REQUIREMENT: Repeat, exactly as written, the lines of the records below from the first through the line with "split; first by case=> [[->", but none past it.

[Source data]
━━━━━━━━━━━━━━━━
Definition flower_succ r (v : nat * seq nat) : nat * seq nat :=
  if v.2 == [::] then ((v.1 + 1) %% r, [::]) else (v.1, tree_parent v.2).

Lemma flower_edgeE r th v w : edge (flower2 r th) v w <-> w = flower_succ r v.
Proof.
case: v w => i s [j t]; rewrite /flower_succ /=.
have [-> | s_nil] /= := eqVneq s [::].
  split; first by case=> [[_ [-> nroot]] | [_ [-> ->]]] //; case: nroot.
  by case=> -> ->; right.
split; first by case=> [[-> [-> _]] | [s0 _]] //; rewrite s0 in s_nil.
by case=> -> ->; left; do 2!split=> //; case=> s0; rewrite s0 in s_nil.
Qed.

Lemma flower_succ_vert r th v : 0 < r ->
  vert (flower2 r th) v -> vert (flower2 r th) (flower_succ r v).
Proof.
move=> r_gt0; case: v => i s [lt_ir vs]; rewrite /flower_succ /=.
by case: eqP => _ /=; split; rewrite ?ltn_pmod // tree_vert_parent.
Qed.

Lemma iter_flower_succ_root r m : iter m (flower_succ r) (0, [::]) = (m %% r, [::]).
Proof.
elim: m => [|m IH] /=; first by rewrite mod0n.
by rewrite IH /flower_succ /= modnDml addn1.
Qed.

Lemma component_Usq_sq_vert n x y : 0 < n ->
  vert (component (Usq n) x) y -> vert (component (Usq n) x) (y ^ 2 %% n).
Proof.
move=> n_gt0 [[lt_yn cop_y] xy].
have vy2 : vert (Usq n) (y ^ 2 %% n).
  by split; rewrite /= ?ltn_pmod ?coprime_modl ?coprimeXl.
by split=> //; apply: rst_trans xy (rst_step _ _ _ _ _).
Qed.

Section PrimitiveRoot.

Variables n N g : nat.
Hypotheses (n_gt1 : 1 < n) (gP : primitive_root_mod n N g).
Lemma clamp01_id x : 0 <= x <= 1 -> clamp01 x = x.
Proof. intros Hx; unfold clamp01, Rmax, Rmin; repeat destruct Rle_dec; lra. Qed.

Lemma clamp01_range x : 0 <= clamp01 x <= 1.
Proof. unfold clamp01, Rmax, Rmin; repeat destruct Rle_dec; lra. Qed.

Lemma clamp01_lipschitz x y : Rabs (clamp01 y - clamp01 x) <= Rabs (y - x).
Proof.
  unfold clamp01, Rmax, Rmin; repeat destruct Rle_dec;
    unfold Rabs; repeat destruct Rcase_abs; lra.
Qed.

Lemma extend01_id f x : 0 <= x <= 1 -> extend01 f x = f x.
Proof. intros Hx; unfold extend01; rewrite clamp01_id; auto. Qed.

Lemma has_deriv_on01_continuous f f' : has_deriv_on01 f f' -> continuous_on01 f.
Proof.
  intros Hf x Hx eps Heps.
  destruct (Hf x Hx 1 Rlt_0_1) as [d [Hd Hy]].
  pose proof (Rabs_pos (f' x)) as Hf'.
  set (e := eps / (Rabs (f' x) + 2)).
  assert (He : 0 < e) by (apply Rdiv_lt_0_compat; lra).
  exists (Rmin d e); split; [now apply Rmin_pos|].
  intros y Hy01 Hyx.
  pose proof (Rmin_l d e); pose proof (Rmin_r d e).
  specialize (Hy y Hy01 ltac:(lra)).
  assert (Hsmall : Rabs (y - x) * (Rabs (f' x) + 2) < eps).
  { replace eps with (e * (Rabs (f' x) + 2)) by (unfold e; field; lra).
    apply Rmult_lt_compat_r; lra. }
  assert (Htri : Rabs (f y - f x)
                 <= Rabs (f y - f x - f' x * (y - x)) + Rabs (f' x * (y - x))).
  { replace (f y - f x) with ((f y - f x - f' x * (y - x)) + f' x * (y - x)) at 1
      by ring.
    apply Rabs_triang. }
  rewrite Rabs_mult in Htri. pose proof (Rabs_pos (y - x)). nra.
Qed.

Lemma continuous_on01_extend01 f : continuous_on01 f ->
  forall x, continuity_pt (extend01 f) x.
Proof.
  intros Hf x eps Heps.
  destruct (Hf (clamp01 x) (clamp01_range x) eps Heps) as [d [Hd Hy]].
  exists d; split; auto. intros y [_ Hyx]. simpl in *. unfold R_dist in *.
  apply Hy; [apply clamp01_range|].
  pose proof (clamp01_lipschitz x y); lra.
Qed.

Lemma ex_RInt_extend01 f a b : continuous_on01 f -> ex_RInt (extend01 f) a b.
Proof.
  intros Hf. apply (@ex_RInt_continuous R_CompleteNormedModule). intros z _.
  apply continuity_pt_filterlim, continuous_on01_extend01, Hf.
Qed.

Lemma has_deriv_on01_is_derive f f' x : has_deriv_on01 f f' -> 0 < x < 1 ->
  is_derive (extend01 f) x (f' x).
Proof.
  intros Hf Hx. apply is_derive_Reals. intros eps Heps.
  destruct (Hf x ltac:(lra) (eps / 2) ltac:(lra)) as [d [Hd Hy]].
  set (r := Rmin d (Rmin x (1 - x))).
  assert (Hr : 0 < r) by (repeat apply Rmin_pos; lra).
  exists (mkposreal r Hr). intros h Hh0 Hh. simpl in Hh.
  assert (Hrd : r <= d) by apply Rmin_l.
  assert (Hrx : r <= Rmin x (1 - x)) by apply Rmin_r.
  pose proof (Rmin_l x (1 - x)); pose proof (Rmin_r x (1 - x)).
  assert (Hxh : 0 <= x + h <= 1) by (unfold Rabs in Hh; destruct Rcase_abs; lra).
  rewrite !extend01_id by (auto; lra).
  specialize (Hy (x + h) Hxh ltac:(replace (x + h - x) with h by ring; lra)).
  replace (x + h - x) with h in Hy by ring.
  replace ((f (x + h) - f x) / h - f' x) with ((f (x + h) - f x - f' x * h) / h)
    by (field; auto).
  assert (Hh' : 0 < Rabs h) by (apply Rabs_pos_lt; auto).
  unfold Rdiv; rewrite Rabs_mult, Rabs_inv.
  apply Rle_lt_trans with (eps / 2 * Rabs h * / Rabs h).
  - apply Rmult_le_compat_r; [left; apply Rinv_0_lt_compat|]; auto.
  - field_simplify; lra.
Qed.

Lemma has_deriv_on01_MVT f f' a b : has_deriv_on01 f f' -> 0 <= a <= b -> b <= 1 ->
  exists c, a <= c <= b /\ f b - f a = f' c * (b - a).
Proof.
  intros Hf Hab Hb.
  destruct (MVT_gen (extend01 f) a b f') as [c [Hc Heq]].
  - intros x Hx. rewrite Rmin_left, Rmax_right in Hx by lra.
    apply has_deriv_on01_is_derive; auto; lra.
  - intros x _. apply continuous_on01_extend01, (has_deriv_on01_continuous f f' Hf).
  - rewrite Rmin_left, Rmax_right in Hc by lra.
    rewrite !extend01_id in Heq by lra. exists c; auto.
Qed.

Lemma has_deriv_on01_comb f f' h h' al be :
  has_deriv_on01 f f' -> has_deriv_on01 h h' ->
  has_deriv_on01 (fun x => al * f x + be * h x) (fun x => al * f' x + be * h' x).
Proof.
  intros Hf Hh x Hx eps Heps.
  pose proof (Rabs_pos al); pose proof (Rabs_pos be).
  set (K := Rabs al + Rabs be + 1).
  assert (HK : 0 < K) by (unfold K; lra).
  assert (HeK : 0 < eps / K) by (apply Rdiv_lt_0_compat; auto).
  destruct (Hf x Hx (eps / K) HeK) as [d1 [Hd1 H1]].
  destruct (Hh x Hx (eps / K) HeK) as [d2 [Hd2 H2]].
  exists (Rmin d1 d2); split; [now apply Rmin_pos|].
  intros y Hy Hyx.
  pose proof (Rmin_l d1 d2); pose proof (Rmin_r d1 d2).
  specialize (H1 y Hy ltac:(lra)); specialize (H2 y Hy ltac:(lra)).
  replace (al * f y + be * h y - (al * f x + be * h x) - (al * f' x + be * h' x) * (y - x))
    with (al * (f y - f x - f' x * (y - x)) + be * (h y - h x - h' x * (y - x)))
    by ring.
  eapply Rle_trans; [apply Rabs_triang|]. rewrite !Rabs_mult.
  set (t := eps / K * Rabs (y - x)).
  assert (Ht : 0 <= t) by (apply Rmult_le_pos; [lra | apply Rabs_pos]).
  assert (HtK : t * K = eps * Rabs (y - x)) by (unfold t; field; lra).
  apply Rle_trans with (Rabs al * t + Rabs be * t).
  - apply Rplus_le_compat; apply Rmult_le_compat_l; auto.
  - unfold K in HtK; nra.
Qed.

Lemma has_deriv_on01_id : has_deriv_on01 (fun x => x) (fun _ => 1).
Proof.
  intros x _ eps Heps. exists 1; split; [lra|]. intros y _ _.
  replace (y - x - 1 * (y - x)) with 0 by ring.
  rewrite Rabs_R0. pose proof (Rabs_pos (y - x)). nra.
Qed.

Lemma has_deriv_on01_half_sqr : has_deriv_on01 (fun x => x * x / 2) (fun x => x).
Proof.
  intros x _ eps Heps. exists eps; split; [lra|]. intros y _ Hyx.
  replace (y * y / 2 - x * x / 2 - x * (y - x)) with ((y - x) * (y - x) / 2) by field.
  unfold Rdiv; rewrite !Rabs_mult, (Rabs_right (/ 2)) by lra.
  pose proof (Rabs_pos (y - x)). nra.
Qed.

Lemma has_deriv_on01_nondecreasing f f' a b : has_deriv_on01 f f' ->
  (forall x, 0 <= x <= 1 -> 0 <= f' x) -> 0 <= a <= b -> b <= 1 -> f a <= f b.
Proof.
  intros Hf Hf' Hab Hb. destruct (has_deriv_on01_MVT f f' a b Hf Hab Hb) as [c [Hc E]].
  specialize (Hf' c ltac:(lra)). nra.
Qed.

Lemma has_deriv_on01_convex f f' f'' u w v :
  has_deriv_on01 f f' -> has_deriv_on01 f' f'' ->
  (forall x, 0 <= x <= 1 -> 0 <= f'' x) -> 0 <= u -> u <= w -> w <= v -> v <= 1 ->
  (v - u) * f w <= (v - w) * f u + (w - u) * f v.
Proof.
  intros Hf Hf' Hf'' Hu Huw Hwv Hv.
  destruct (has_deriv_on01_MVT f f' u w Hf ltac:(lra) ltac:(lra)) as [c1 [Hc1 E1]].
  destruct (has_deriv_on01_MVT f f' w v Hf ltac:(lra) ltac:(lra)) as [c2 [Hc2 E2]].
  assert (f' c1 <= f' c2) by (apply (has_deriv_on01_nondecreasing f' f''); auto; lra).
  assert (0 <= (v - w) * (w - u)) by nra.
  nra.
Qed.

Lemma is_RInt_chord (p q u v : R) : u < v ->
  is_RInt (fun w => ((v - w) * p + (w - u) * q) / (v - u)) u v ((v - u) * (p + q) / 2).
Proof.
  intros Huv.
  set (F := fun w => (- ((v - w) * (v - w)) / 2 * p + (w - u) * (w - u) / 2 * q) / (v - u)).
  replace ((v - u) * (p + q) / 2) with (minus (F v) (F u))
    by (unfold F, minus, plus, opp; simpl; field; lra).
  apply (@is_RInt_derive R_CompleteNormedModule F).
  - intros x _. unfold F. auto_derive; [lra | field; lra].
  - intros x _. apply (@ex_derive_continuous R_AbsRing R_NormedModule). auto_derive. lra.
Qed.

Lemma is_RInt_bump (M u v : R) :
  is_RInt (fun w => M * (w - u) * (v - w) / 2) u v (M * (v - u) ^ 3 / 12).
Proof.
  set (F := fun w => M / 2 * (- (w * w * w) / 3 + (u + v) * (w * w) / 2 - u * v * w)).
  replace (M * (v - u) ^ 3 / 12) with (minus (F v) (F u))
    by (unfold F, minus, plus, opp; simpl; field).
  apply (@is_RInt_derive R_CompleteNormedModule F).
  - intros x _. unfold F. auto_derive; [auto | field].
  - intros x _. apply (@ex_derive_continuous R_AbsRing R_NormedModule). auto_derive. auto.
Qed.

Lemma RInt_dist_le (f h b : R -> R) u v : u <= v ->
  ex_RInt f u v -> ex_RInt h u v -> ex_RInt b u v ->
  (forall x, u < x < v -> Rabs (f x - h x) <= b x) ->
  Rabs (RInt f u v - RInt h u v) <= RInt b u v.
Proof.
  intros Huv Hf Hh Hb Hfhb.
  assert (Hfh := @ex_RInt_minus R_NormedModule f h u v Hf Hh).
  replace (RInt f u v - RInt h u v) with (RInt (fun x => minus (f x) (h x)) u v)
    by (rewrite (@RInt_minus R_CompleteNormedModule); auto).
  eapply Rle_trans; [apply abs_RInt_le; auto|].
  apply RInt_le; auto. exact (ex_RInt_norm _ _ _ Hfh).
Qed.

Lemma RInt_uniform_partition (f : R -> R) a d N : (forall x y, ex_RInt f x y) ->
  RInt f a (a + INR (S N) * d)
    = sum_f_R0 (fun j => RInt f (a + INR j * d) (a + INR (S j) * d)) N.
Proof.
  intros Hf. induction N as [|N IH].
  - simpl. f_equal; ring.
  - rewrite tech5, <- IH.
    symmetry; apply (@RInt_Chasles R_CompleteNormedModule); auto.
Qed.

Lemma sum_f_R0_INR N : sum_f_R0 INR N = INR N * (INR N + 1) / 2.
Proof. induction N as [|N IH]; [simpl; field|]. rewrite tech5, IH, S_INR; field. Qed.

Lemma sum_f_R0_INR_sqr N :
  sum_f_R0 (fun i => INR i * INR i) N = INR N * (INR N + 1) * (2 * INR N + 1) / 6.
Proof. induction N as [|N IH]; [simpl; field|]. rewrite tech5, IH, S_INR; field. Qed.

Lemma sum_f_R0_affine (a b : nat -> R) (x y z : R) N :
  sum_f_R0 (fun i => x * a i + y * b i + z) N
    = x * sum_f_R0 a N + y * sum_f_R0 b N + z * INR (S N).
Proof.
  rewrite !plus_sum, sum_cte, !scal_sum.
  f_equal; f_equal; apply sum_eq; intros; ring.
Qed.

Lemma sum_f_R0_trapezoid (c : nat -> R) N :
  sum_f_R0 (fun i => (c i + c (S i)) / 2) N = sum_f_R0 c (S N) - (c 0%nat + c (S N)) / 2.
Proof.
  induction N as [|N IH]; [simpl; field|].
  rewrite tech5, IH, (tech5 c (S N)); field.
Qed.

Definition mean_rule (n : nat) (g : R -> R) (a h : R) : R :=
  h / (INR n + 1) * sum_f_R0 (fun i => g (a + INR i * (h / INR n))) n.

Lemma mean_trapezoid_correction (c : nat -> R) (d : R) n : (0 < n)%nat ->
  INR n * d / (INR n + 1) * sum_f_R0 c n
    = d * (sum_f_R0 c n - (c 0%nat + c n) / 2)
      - d / (INR n * (INR n + 1))
        * sum_f_R0 (fun i => INR n * c i - (INR n - INR i) * c 0%nat - INR i * c n) n.
Proof.
  intros Hn. assert (Hn' : 0 < INR n) by (apply lt_0_INR; auto).
  rewrite (sum_eq (fun i => INR n * c i - (INR n - INR i) * c 0%nat - INR i * c n)
                  (fun i => INR n * c i + (c 0%nat - c n) * INR i + (- INR n * c 0%nat)))
    by (intros; ring).
  rewrite sum_f_R0_affine, sum_f_R0_INR, S_INR. field. lra.
Qed.

Section SecondDerivativeBound.

Variables (g g1 g2 : R -> R) (M : R).
Hypothesis Hg : C2_on01 g g1 g2.
Hypothesis HM : forall x, 0 <= x <= 1 -> Rabs (g2 x) <= M.

Local Notation node a d i := (g (a + INR i * d)).
(* Let $V=\{i_1,\dots,i_m\}$ and let $\bm X$ (standard exponential margins) follow the chain geometric extremal graphical model with edges $\{i_1,i_2\},\dots,\{i_{m-1},i_m\}$, i.e. $g(\bm x)=\sum_{l=1}^{m-1}g_{\{i_l,i_{l+1}\}}(x_{i_l},x_{i_{l+1}})-\sum_{l=2}^{m-1}x_{i_l}$. Then for any $k\in\{1,\dots,m\}$, the marginal gauge $g_{V_{-k}}(\bm x_{V_{-k}})=\min_{x_{i_k}\ge0}g(\bm x)$ of $\bm X_{V_{-k}}$, $V_{-k}=V\setminus\{i_k\}$, is that of the chain geometric extremal graphical model on $V_{-k}$ with edges $E_{-k}=\{\{i_1,i_2\},\dots,\{i_{k-1},i_{k+1}\},\dots,\{i_{m-1},i_m\}\}$: $g_{V_{-k}}(\bm x_{V_{-k}})=\sum_{\{a,b\}\in E_{-k}}g_{\{a,b\}}(x_a,x_b)-\sum x_{i_l}$, where the last sum runs over the interior (non-endpoint) vertices of the chain $V_{-k}$.
   Context: $g$ is the gauge of $\bm X$: $-\log f(t\bm x_t)/t\to g(\bm x)$ as $t\to\infty$ whenever $\bm x_t\to\bm x\in[0,\infty)^m$, $f$ the Lebesgue density; marginal gauges $g_J(\bm x_J)=\min_{x_s\ge0,\,s\notin J}g(\bm x)$ satisfy $g_J\ge\max_{j\in J}x_j$; in particular $g_{\{a,b\}}$ denotes the bivariate marginal gauge of $(X_a,X_b)$. *)

From HB Require Import structures.
From mathcomp Require Import all_boot all_order all_algebra.
From mathcomp Require Import classical_sets boolp reals.
Set Implicit Arguments. Unset Strict Implicit. Unset Printing Implicit Defensive.
Import Order.TTheory GRing.Theory Num.Theory.
Local Open Scope ring_scope.
Local Open Scope classical_set_scope.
━━━━━━━━━━━━━━━━
REPLY TO THE EXERCISE:
Definition flower_succ r (v : nat * seq nat) : nat * seq nat :=
  if v.2 == [::] then ((v.1 + 1) %% r, [::]) else (v.1, tree_parent v.2).

Lemma flower_edgeE r th v w : edge (flower2 r th) v w <-> w = flower_succ r v.
Proof.
case: v w => i s [j t]; rewrite /flower_succ /=.
have [-> | s_nil] /= := eqVneq s [::].
  split; first by case=> [[_ [-> nroot]] | [_ [-> ->]]] //; case: nroot.
  by case=> -> ->; right.
split; first by case=> [[-> [-> _]] | [s0 _]] //; rewrite s0 in s_nil.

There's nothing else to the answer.